Elixir, Ecto and Heroku Postgres: unverified SSL certificates

Or attempting to trace warnings with Erlang

September 24, 2021

This one took me a bit of time to sort out so I figured I’d write a blog post about it in case it can help someone else.

I have a Phoenix Elixir application that I recently deployed on one of my servers. While it’s running smooth, I was bugged by the following warning that was showing only in production when starting the app:

[warn] Description: 'Authenticity is not established by certificate path validation'
     Reason: 'Option {verify, verify_peer} and cacertfile/cacerts is missing'

This message was repeated 10 times during boot. Spoiler, 10 is also my Ecto :pool_size, but I didn’t think about that right away.

There was no context around that, and since the app interacts with quite a few things over SSL, it could have come from a lot of places.

Tracing warnings in Elixir: investigation and delusion

My first reflex was to look for something similar to Node.js’ --trace-warnings option. This will add a stack trace to all warnings, making it very easy to track where they’re from and address them.

Sadly, I couldn’t find anything similar with Elixir and Erlang. I resorted to asking on Elixir Forum, only to get confirmation that this wasn’t possible.

Compiling Erlang?

The line that logged that warning was easy to find in the Erlang ssl module, but that didn’t help me identifying what code path triggers it.

I thought about compiling Erlang with a patch that raises an exception instead of logging a warning there. While that wouldn’t be the quickest solution, it would definitely make it obvious what’s triggering that peer validation warning.

What was bugging me was that I was seeing this warning only in production, not on my development machine. And I didn’t really like the idea of compiling my patched Erlang in production to debug in production…

Note: I didn’t end up compiling Erlang to trace the warning that way, because I was lucky to find after some trial and error what was causing it.

That being said, if you run into the same kind of issue and don’t find any alternative, this is guaranteed to give you an answer, so it’s probably worth the effort at that point!

Going for a walk

I didn’t actually go for a walk, but that’s the kind of thoughts that usually happen when you take a walk, or when you’re under the shower, so I would have probably gotten that idea earlier if I did.

If it’s happening only in production, it’s probably coming from one of the production environment variables!

For some reason, until then, I was focused on finding if there was something odd about my Erlang build in production, or the CA certificates configuration on the server, and while it could have come from there, environment variables were an easy one to test.

So I configure my local machine with the production environment variables, and bingo! I can repro the warning.

At that point it becomes very obvious to me that my database connection is the culprit, because it’s the only thing in the environment that’s related to SSL in a way or another.

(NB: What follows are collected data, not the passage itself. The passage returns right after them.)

Definition adj : rel V :=
  fun u w => [exists e, incident u e && incident w e && (u != w)].

Definition component (v : V) : {set V} := [set u | connect adj v u].

Definition max_comp_order : nat := (\max_(v : V) #|component v|)%N.

Definition agglo (a : V + E -> nat) : Prop :=
  forall v e, incident v e -> (a (inr e) <= a (inl v))%N.

Definition azero : V + E -> nat := fun _ => 0%N.
Definition aadd (a b : V + E -> nat) : V + E -> nat := fun x => (a x + b x)%N.

Definition is_atom (a : V + E -> nat) : Prop :=
  agglo a /\ a <> azero /\
  forall b c, agglo b -> agglo c -> a = aadd b c -> b = azero \/ c = azero.

Definition lengths (a : V + E -> nat) : set nat :=
  [set k | exists s : seq (V + E -> nat),
      size s = k /\ (forall i, (i < size s)%N -> is_atom (nth azero s i)) /\
      a = foldr aadd azero s].

Definition min_length (a : V + E -> nat) : nat :=
  xget 0%N [set k | lengths a k /\ forall j, lengths a j -> (k <= j)%N].

Definition semi_length (R : realType) (sigma : (V + E -> nat) -> R) : Prop :=
  (forall a, agglo a -> 0 <= sigma a) /\
  sigma azero = 0 /\
  (forall a b, agglo a -> agglo b -> sigma (aadd a b) = sigma a + sigma b) /\
  (forall a, agglo a -> (sigma a = 0 <-> a = azero)).

Definition sigma_r (R : realType) (r : R) (a : V + E -> nat) : R :=
  r * \sum_(v : V) (a (inl v))%:R - \sum_(e : E) (a (inr e))%:R.

Definition rho_elt (R : realType) (a : V + E -> nat) : \bar R :=
  if `[< a = azero >] then 1%E
  else (ereal_sup [set (k%:R)%:E | k in lengths a] *
        ((min_length a)%:R^-1)%:E)%E.

Definition rho_monoid (R : realType) : \bar R :=
  ereal_sup [set rho_elt R a | a in agglo].

End Graph.

From HB Require Import structures.
From mathcomp Require Import all_boot all_order all_algebra.
From mathcomp Require Import all_classical all_reals ereal.
From mathcomp Require Import ring lra zify.
Import Order.TTheory GRing.Theory Num.Theory.
Local Open Scope ring_scope.

(* An atom u of A(G) is 0/1-valued and its support is connected: its vertex
   set W (of size w <= m) is spanned by its edge set F, so w - 1 <= |F|; every
   edge of F has both ends in W, so 2|F| <= D w, and |F| <= C(w, 2) if G is
   simple.  As sigma_r is additive, if lo <= sigma_r u <= hi for every atom u,
   then any factorisation of a into k atoms has k lo <= sigma_r a <= k hi, so
   any two factorisation lengths have ratio at most hi / lo.  With r = D one
   gets D <= sigma_D u <= (D - 1) m + 1, and for simple G, with r = m / 2,
   m / 2 <= sigma u <= (m / 2 - 1) m + 1.  Positivity of sigma_r for r > D / 2
   is the handshake inequality 2 sum_e a(e) <= D sum_v a(v). *)

Lemma card_merge_pairs {T : finType} (W : {set T}) (p : seq (T * T)) :
  exists c : T -> T,
    {in p, forall x, c x.1 = c x.2} /\ (#|W| <= #|c @: W| + size p)%N.
Proof.
elim: p => [|[x y] p [c [merged leW]]].
  by exists id; split => //; rewrite card_imset ?addn0.
pose c' z := if c z == c y then c x else c z.
exists c'; split.
  move=> z; rewrite in_cons /c' => /predU1P [-> | pz] /=.
    by rewrite eqxx; case: ifP.
  by rewrite (merged z pz).
have sub : c @: W \subset c y |: c' @: W.
  apply/fintype.subsetP => _ /imsetP [z zW ->]; rewrite in_setU1.
  have [//|neq] := eqVneq (c z) (c y).
  by apply/orP; right; apply/imsetP; exists z => //; rewrite /c' (negbTE neq).
move: (subset_leq_card sub); rewrite cardsU1 /=; lia.
Qed.

Lemma sum_le1_card {T : finType} (f : T -> nat) : (forall x, f x <= 1)%N ->
  (\sum_x f x)%N = #|[set x | f x != 0%N]|.
Proof.
move=> f_le1; rewrite -sum1_card [RHS]big_mkcond; apply: eq_bigr => x _.
by rewrite inE; have := f_le1 x; case: (f x) => [|[|]].
Qed.

Lemma natr_sub2_mul_ge0 {R : realDomainType} {m w : nat} :
  (1 <= w)%N -> (w <= m)%N -> 0 <= (m%:R - 2) * (m%:R - w%:R) :> R.
Proof.
move=> w_ge1 w_le_m; have [m_le1 | m_gt1] := leqP m 1.
  by rewrite (_ : w = m) ?subrr ?mulr0 //; apply/eqP; rewrite eqn_leq w_le_m; lia.
by apply: mulr_ge0; rewrite subr_ge0 ler_nat.
Qed.

Section Graph.
Variables (R : realType) (V E : finType) (ends : E -> V * V).
Hypothesis noloop : forall e, (ends e).1 != (ends e).2.

Local Notation agglo := (agglo ends).
Local Notation is_atom := (is_atom ends).
Local Notation azero := (@azero V E).
Local Notation sigma_r := (@sigma_r V E R).
Local Notation D := (max_degree ends).
Local Notation m := (max_comp_order ends).

Lemma incident_ends1 e : incident ends (ends e).1 e.
Proof. by rewrite /incident eqxx. Qed.

Lemma incident_ends2 e : incident ends (ends e).2 e.
Proof. by rewrite /incident eqxx orbT. Qed.

Lemma adj_ends e : adj ends (ends e).1 (ends e).2 && adj ends (ends e).2 (ends e).1.
Proof.
by apply/andP; split; apply/existsP; exists e;
  rewrite incident_ends1 incident_ends2 ?noloop // eq_sym noloop.
Qed.

Lemma max_comp_order_gt0 : (0 < #|V|)%N -> (0 < m)%N.
Proof.
case/card_gt0P => v _; apply: leq_trans (leq_bigmax_cond v isT).
by apply/card_gt0P; exists v; rewrite inE connect0.
Qed.

Lemma agglo_eq0 a : agglo a -> (forall v, a (inl v) = 0%N) -> a = azero.
Proof.
move=> ag a0; apply: funext => -[v|e] //.
by have := ag _ e (incident_ends1 e); rewrite a0 leqn0 => /eqP.
Qed.

Lemma sum_incident v : (\sum_e incident ends v e)%N = degree ends v.
Proof.
rewrite /degree -sum1_card [RHS]big_mkcond /=.
apply: eq_bigr => e _.
by rewrite unfold_in asboolb; case: incident.
Qed.

Lemma agglo_handshake {a} : agglo a ->
  (2 * \sum_e a (inr e) <= D * \sum_v a (inl v))%N.
Proof.
move=> ag.
have edge_le e : (2 * a (inr e) <= \sum_v incident ends v e * a (inl v))%N.
  rewrite (bigD1 (ends e).1) // (bigD1 (ends e).2) /=; last by rewrite eq_sym noloop.
  rewrite incident_ends1 incident_ends2 !mul1n.
  have := ag _ _ (incident_ends1 e); have := ag _ _ (incident_ends2 e); lia.
rewrite big_distrr /=.
apply: (@leq_trans (\sum_e \sum_v incident ends v e * a (inl v))%N).
  by apply: leq_sum => e _; exact: edge_le.
rewrite exchange_big big_distrr; apply: leq_sum => v _.
by rewrite -big_distrl sum_incident leq_mul2r leq_bigmax_cond ?orbT.
Qed.

Definition vsupp (a : V + E -> nat) := [set v | a (inl v) != 0%N].
Definition esupp (a : V + E -> nat) := [set e | a (inr e) != 0%N].

Lemma atom_le1 {u} : is_atom u -> forall x, (u x <= 1)%N.
Proof.
move=> [ag [_ indec]] x; rewrite leqNgt; apply/negP => ux.
have agl : agglo (fun y => minn (u y) 1) by move=> v e /ag; lia.
have agr : agglo (fun y => u y - 1)%N by move=> v e /ag; lia.
have [] := indec _ _ agl agr; first by apply: funext => y; rewrite /aadd; lia.
all: by move/(congr1 (fun f => f x)); rewrite /azero; lia.
Qed.

Lemma atom_vsupp_gt0 {u} : is_atom u -> (0 < #|vsupp u|)%N.
Proof.
move=> [ag [u0 _]]; apply/card_gt0P.
have [v uv | none] := pickP (fun v => u (inl v) != 0%N).
  by exists v; rewrite inE.
by case: u0; apply: agglo_eq0 => // v; apply/eqP/negbFE/none.
Qed.

Lemma esupp_ends {u e} : agglo u -> e \in esupp u ->
  ((ends e).1 \in vsupp u) && ((ends e).2 \in vsupp u).
Proof.
move=> ag; rewrite !inE.
by have := ag _ _ (incident_ends1 e); have := ag _ _ (incident_ends2 e); lia.
Qed.

(* An atom cannot be split along a labelling that is constant on its edges:
   the part carried by one label class and the rest would decompose it. *)
Lemma atom_label_const {T : eqType} (c : V -> T) {u} : is_atom u ->
  (forall e, e \in esupp u -> c (ends e).1 = c (ends e).2) ->
  {in vsupp u &, forall v w, c v = c w}.
Proof.
move=> [ag [_ indec]] cE v0 w; rewrite !inE => uv0 uw; apply/eqP/contraT => neq.
pose in_class (x : V + E) :=
  match x with inl v => c v == c v0 | inr e => c (ends e).1 == c v0 end.
pose part b x := if in_class x == b then u x else 0%N.
have classE v e : incident ends v e -> e \in esupp u ->
    in_class (inl v) = in_class (inr e).
  by move=> /orP [/eqP-> | /eqP->] eu //=; rewrite (cE e eu).
have ag_part b : agglo (part b).
  move=> v e ve; rewrite /part; have [eu|] := boolP (e \in esupp u).
    by rewrite (classE v e ve eu); case: ifP => // _; exact: ag.
  by rewrite inE negbK => /eqP ->; case: ifP.
have [] := indec _ _ (ag_part true) (ag_part false).
  by apply: funext => x; rewrite /aadd /part; case: (in_class x); rewrite ?addn0.
  move/(congr1 (fun f => f (inl v0))); rewrite /part /= eqxx.
  by move/eqP; rewrite (negbTE uv0).
move/(congr1 (fun f => f (inl w))); rewrite /part /= (eq_sym (c w)) (negbTE neq) /=.
by move/eqP; rewrite (negbTE uw).
Qed.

Heroku Postgres and SSL certificate verification

Now that I found the offender, it’s easier to look for a specific solution. The first result on Google for heroku postgres ssl verify is this page on the Heroku support website.

Since for some reason it requires to be logged in with an Heroku account to view it, I’ll just quote the relevant part here:

Heroku Postgres does not currently support verifiable certificates. Our certificates will change when the underlying hardware has issues and we move your database away from it.

Sweet. So it’s actually “intended” that I get a SSL verification warning when connecting to my Heroku Postgres database over SSL.

But knowing that is not enough for me. Now I identified that this warning was acceptable and doesn’t need to be fixed per se, I need to mute it, so that it doesn’t adds noise to the logs.

This is particularly important because otherwise, I would hardly notice a new SSL verification warning that would appears in another potentially more critical part of the codebase, leaving me with vulnerabilities.

Muting this particular warning

As we saw earlier, for that warning to show up, we need the SSL connection’s verify to be set to verify_none, and the ssl_logger's level to be configured to show warnings.

The default value of verify in the ssl module is indeed verify_none, and Ecto doesn’t seem to alter it by default. Also the default log_level of the ssl_logger is set to notice, which is why we’re seeing that warning.

It seems that my only option here is to configure the SSL connection specifically for my Ecto repository to have a log level of :error:

config :myapp, MyApp.Repo,
  ssl_opts: [log_level: :error]

Edit: it was brought to my attention that just two months after I wrote this post, Erlang/OTP introduced a better solution for this. Now:

A warning will be emitted unless verify_none is explicitly configured.

This means that even if ssl_opts: [verify: :verify_none] is the default behavior, explicitly setting it will now mute the warning. 🎉

config :myapp, MyApp.Repo,
  ssl_opts: [verify: :verify_none]

This avoids messing around with the logger as I originally explained below.

It took more hours than I’m willing to admit to come up with this patch that turns out to be trivial. So I’m trying to feel better about myself by spending even more hours writing a blog post about it to explain all the details and subtleties. 😅

If you’re here to try and solve an unverified warning issue, or trace warnings with Elixir and Erlang in general, I hoped that it was useful to you. Have a wonderful day!